First-line immunosuppressive medications include steroids such as prednisone and Imuran (azathioprine). If you are unable to take first-line drugs, the following second-line drugs are available:
Otrexup or Trexall (methotrexate)
Cellcept or Myfortic (mycophenolate mofetil)
Astagraf XL, Envarsus XR, and Prograf (tacrolimus)
Gengraf or Neoral (cyclosporine)
Intravenous Immunoglobulins (IVIG)/Plasmapheresis
Intravenous immunoglobulins (IVIG) and plasmapheresis work quickly and offer short-term relief for a few weeks. These therapies may also be used:
Treatment for a myasthenic crisis
Before surgery
If your symptoms are not responding to immunosuppressive treatment
IVIG helps prevent the immune system from further damaging the nerve-muscle junction for a short period of time. Soliris (eculizumab) is an IVIG medication available as an intravenous infusion.
Plasmapheresis (or, plasma exchange) is a process in which anti-AChR is filtered from the blood. This lowers the amount of anti-AChR which. This allows for relief from severe myasthenia gravis symptoms.
Surgery
For a small number of people, myasthenia gravis may be due to a tumor in the thymus (or, thymoma). In these cases, removal of the tumor and the remaining thymus (thymectomy) is recommended. Unless a thymoma is present, thymectomy is not recommended for people with ocular MG.
Most people who get a thymectomy see an improvement in their MG symptoms.

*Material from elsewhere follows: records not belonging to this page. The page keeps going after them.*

(* Consider the two-stage robust problem $\min_{x\in\mathcal X}c_1x+\max_{u\in\mathcal U(x)}\min_{y\in\mathcal Y(x,u)}c_2y$ with decision-dependent uncertainty set $\mathcal U(x)=\{u\in\mathbb R^{n_u}_+: x_{li}\le u_i\le x_{hi},\ i=1,\dots,n_u\}$, where $x_l=(x_{l1},\dots,x_{ln_u})$ and $x_h=(x_{h1},\dots,x_{hn_u})$ are subvectors of the first-stage variables, and $\mathcal U(x)\ne\emptyset$ for all $x\in\mathcal X$. Then it is equivalent to $\min_{x\in\mathcal X}c_1x+\max_{u\in\mathcal U^0}\min_{y\in\mathcal Y'(x,u)}c_2y$, where $\mathcal U^0=[0,1]^{n_u}$ and $\mathcal Y'(x,u)=\{y\in\mathbb Z^{m_y}_+\times\mathbb R^{n_y}_+: B_2y\ge d-B_1x-E(x_l+u\circ(x_h-x_l))\}$.
   Context: $\mathcal X=\{x\in\mathbb Z^{m_x}_+\times\mathbb R^{n_x}_+: Ax\ge b\}$, $\mathcal Y(x,u)=\{y\in\mathbb Z^{m_y}_+\times\mathbb R^{n_y}_+: B_2y\ge d-B_1x-Eu\}$, $\circ$ is the componentwise product. The optimal value of an infeasible minimization (maximization) problem is $+\infty$ ($-\infty$). Two formulations are called equivalent if they have the same optimal value and any optimal first-stage solution of one is optimal for the other, and vice versa. *)

From HB Require Import structures.
From mathcomp Require Import all_boot all_order all_algebra.
From mathcomp Require Import all_classical all_reals.
From mathcomp Require Import ereal.
Set Implicit Arguments. Unset Strict Implicit. Unset Printing Implicit Defensive.
Import Order.TTheory GRing.Theory Num.Theory.
Local Open Scope classical_set_scope.
Local Open Scope ring_scope.

Definition mixed_nonneg (R : realType) (m n : nat) (v : 'cV[R]_(m + n)) : Prop :=
  (forall i : 'I_m, v (lshift n i) 0 \is a Num.int) /\ (forall i, 0 <= v i 0).

Definition vge (R : realType) (k : nat) (a b : 'cV[R]_k) : Prop :=
  forall i, b i 0 <= a i 0.

Definition Xset (R : realType) (mx nx p : nat) (A : 'M[R]_(p, mx + nx))
  (b : 'cV[R]_p) : set 'cV[R]_(mx + nx) :=
  [set x | mixed_nonneg x /\ vge (A *m x) b].

Definition Yset (R : realType) (mx nx my ny nu q : nat)
  (B1 : 'M[R]_(q, mx + nx)) (B2 : 'M[R]_(q, my + ny)) (E : 'M[R]_(q, nu))
  (d : 'cV[R]_q) (x : 'cV[R]_(mx + nx)) (w : 'cV[R]_nu) : set 'cV[R]_(my + ny) :=
  [set y | mixed_nonneg y /\ vge (B2 *m y) (d - B1 *m x - E *m w)].

Definition subvec (R : realType) (N nu : nat) (s : 'I_nu -> 'I_N)
  (x : 'cV[R]_N) : 'cV[R]_nu := \col_i x (s i) 0.

Definition Uset (R : realType) (N nu : nat) (l h : 'I_nu -> 'I_N)
  (x : 'cV[R]_N) : set 'cV[R]_nu :=
  [set u | forall i, 0 <= u i 0 /\ subvec l x i 0 <= u i 0 /\ u i 0 <= subvec h x i 0].

Definition U0 (R : realType) (nu : nat) : set 'cV[R]_nu :=
  [set u | forall i, 0 <= u i 0 /\ u i 0 <= 1].

Definition cprod (R : realType) (k : nat) (a b : 'cV[R]_k) : 'cV[R]_k :=
  \col_i (a i 0 * b i 0).

(* optimal value of min_{y in Y} c y  (+oo if Y is empty) *)
Definition minval (R : realType) (n : nat) (c : 'rV[R]_n) (Y : set 'cV[R]_n) : \bar R :=
  ereal_inf [set ((c *m y) 0 0)%:E | y in Y].

Definition two_stage_obj (R : realType) (N nu n : nat) (c1 : 'rV[R]_N) (c2 : 'rV[R]_n)
  (U : 'cV[R]_N -> set 'cV[R]_nu) (Y : 'cV[R]_N -> 'cV[R]_nu -> set 'cV[R]_n)
  (x : 'cV[R]_N) : \bar R :=
  ((c1 *m x) 0 0)%:E + ereal_sup [set minval c2 (Y x u) | u in U x].

(* optimal value of min_{x in X} f x  (+oo if X is empty) *)
Definition optval (R : realType) (N : nat) (X : set 'cV[R]_N) (f : 'cV[R]_N -> \bar R)
  : \bar R := ereal_inf (f @` X).

Definition is_optimal (R : realType) (N : nat) (X : set 'cV[R]_N)
  (f : 'cV[R]_N -> \bar R) (x : 'cV[R]_N) : Prop :=
  X x /\ f x = optval X f.

From HB Require Import structures.
From mathcomp Require Import all_boot all_order all_algebra.
From mathcomp Require Import all_classical all_reals.
From mathcomp Require Import ereal.
Set Implicit Arguments. Unset Strict Implicit. Unset Printing Implicit Defensive.
Import Order.TTheory GRing.Theory Num.Theory.
Local Open Scope classical_set_scope.
Local Open Scope ring_scope.

(* For fixed x with x_l <= x_h, the affine map u |-> x_l + u o (x_h - x_l)
   sends the unit box U^0 onto the box U(x), so both formulations take the
   supremum over the same family of second-stage problems. Hence the two
   first-stage objectives agree on X, and equal objectives have the same
   optimal value and the same minimizers. *)

Section AffineInterval.
Variable R : realFieldType.

Lemma affine_in_itv (a b t : R) :
  a <= b -> 0 <= t <= 1 -> a <= a + t * (b - a) <= b.
Proof.
move=> le_ab /andP[t_ge0 t_le1]; have ba_ge0 : 0 <= b - a by rewrite subr_ge0.
rewrite lerDl mulr_ge0 //= -lerBrDl.
by rewrite -[leRHS]mul1r ler_wpM2r.
Qed.

Lemma affine_itv_surj (a b w : R) :
  a <= w <= b -> exists2 t, 0 <= t <= 1 & w = a + t * (b - a).
Proof.
move=> /andP[le_aw le_wb]; have [lt_ab | ge_ab] := ltP a b.
  have ba_gt0 : 0 < b - a by rewrite subr_gt0.
  exists ((w - a) / (b - a)); last by rewrite divfK ?gt_eqF // subrKC.
  rewrite divr_ge0 ?subr_ge0 ?(ltW lt_ab) //=.
  by rewrite ler_pdivrMr // mul1r lerD2r.
exists 0; first by rewrite lexx ler01.
by rewrite mul0r addr0; apply/eqP; rewrite eq_le le_aw (le_trans le_wb).
Qed.

End AffineInterval.

Section DecisionDependentBox.
Variables (R : realType) (N nu : nat) (l h : 'I_nu -> 'I_N).

Definition box_param (x : 'cV[R]_N) (u : 'cV[R]_nu) : 'cV[R]_nu :=
  subvec l x + cprod u (subvec h x - subvec l x).

Lemma Uset_neq0_le (x : 'cV[R]_N) i :
  Uset l h x !=set0 -> x (l i) 0 <= x (h i) 0.
Proof.
by move=> [u /(_ i)[_]]; rewrite /subvec !mxE => -[/le_trans]; apply.
Qed.

Lemma box_param_image (x : 'cV[R]_N) :
  (forall i, 0 <= x i 0) -> Uset l h x !=set0 ->
  box_param x @` @U0 R nu = Uset l h x.
Proof.
move=> x_ge0 /Uset_neq0_le lh; rewrite eqEsubset; split.
  move=> _ [u u01 <-] i; rewrite /box_param /subvec /cprod !mxE.
  have /andP[le_l le_h] := affine_in_itv (lh i) (introT andP (u01 i)).
  by rewrite (le_trans (x_ge0 _) le_l) le_l le_h.
move=> w Uw.
have /choice[t t01] : forall i, exists t : R,
    0 <= t <= 1 /\ w i 0 = x (l i) 0 + t * (x (h i) 0 - x (l i) 0).
  move=> i; have [_] := Uw i; rewrite /subvec !mxE => -[le_l le_h].
  by have [t ? ?] := affine_itv_surj (introT andP (conj le_l le_h)); exists t.
exists (\col_i t i).
  by move=> i; rewrite mxE; have [/andP[]] := t01 i.
apply/matrixP => i j; rewrite (ord1 j) /box_param /subvec /cprod !mxE.
by have [_ ->] := t01 i.
Qed.

End DecisionDependentBox.

Section EquivalentFormulations.
Variables (R : realType) (N : nat) (X : set 'cV[R]_N) (f g : 'cV[R]_N -> \bar R).
Hypothesis fg : forall x, X x -> f x = g x.

Lemma eq_optval : optval X f = optval X g.
Proof. by rewrite /optval (eq_imagel fg). Qed.

Lemma eq_is_optimal x : is_optimal X f x <-> is_optimal X g x.
Proof.
by rewrite /is_optimal -eq_optval; split=> -[Xx <-]; split; rewrite ?fg.
Qed.

End EquivalentFormulations.

Theorem proposition4 (R : realType) (mx nx my ny nu p q : nat)
  (A : 'M[R]_(p, mx + nx)) (b : 'cV[R]_p)
  (B1 : 'M[R]_(q, mx + nx)) (B2 : 'M[R]_(q, my + ny)) (E : 'M[R]_(q, nu))
  (d : 'cV[R]_q) (c1 : 'rV[R]_(mx + nx)) (c2 : 'rV[R]_(my + ny))
  (l h : 'I_nu -> 'I_(mx + nx)) :
  (forall x, Xset A b x -> Uset l h x !=set0) ->
  let X := Xset A b in
  let f1 := two_stage_obj c1 c2 (Uset l h) (Yset B1 B2 E d) in
  let f2 := two_stage_obj c1 c2 (fun _ => @U0 R nu)
     (fun x u => Yset B1 B2 E d x
        (subvec l x + cprod u (subvec h x - subvec l x))) in
  optval X f1 = optval X f2 /\
  (forall x, is_optimal X f1 x <-> is_optimal X f2 x).
Proof.
move=> U_neq0 X f1 f2.
have f12 x : X x -> f1 x = f2 x.
  move=> Xx; have [[_ x_ge0] _] := Xx.
  rewrite /f1 /f2 /two_stage_obj -(box_param_image x_ge0 (U_neq0 x Xx)).
  by rewrite image_comp /box_param.
by split; [exact: eq_optval f12 | exact: eq_is_optimal f12].
Qed.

Living With Myasthenia Gravis
Most people living with myasthenia gravis can live a normal life with proper treatment. In the past, myasthenic crises were a major cause of death. With improved treatment and care, the mortality rate for myasthenic crisis reduced to 4.47% (previously it was over 50%). Research has led to fewer delayed and more accurate diagnoses.
If you are living with MG, there are steps you can take to improve your daily life with the condition. This includes the following:
Avoid medications that worsen MG symptoms: Talk to your healthcare provider and pharmacist when starting any new medications.
Triggers: Learn about what triggers your MG symptoms and how to avoid them best.
Routine vaccinations: To help reduce your risk of myasthenic crisis and respiratory issues, stay updated on your flu and pneumococcal vaccines.
Ease fatigue: Budget your energy throughout the day and get plenty of rest.
Wear a medical identification bracelet: This can alert paramedics that you have myasthenia gravis in case of emergency.
Frequently Asked Questions
Can COVID trigger myasthenia gravis?
Yes, infections such as COVID-19 can trigger myasthenia gravis symptoms or a myasthenic crisis.
Is myasthenia gravis a form of multiple sclerosis?
Although both are autoimmune diseases, myasthenia gravis is not a form of multiple sclerosis.
Does vitamin D help myasthenia gravis?
Although more research is needed, studies have shown that supplementing vitamin D can help reduce myasthenia gravis fatigue symptoms.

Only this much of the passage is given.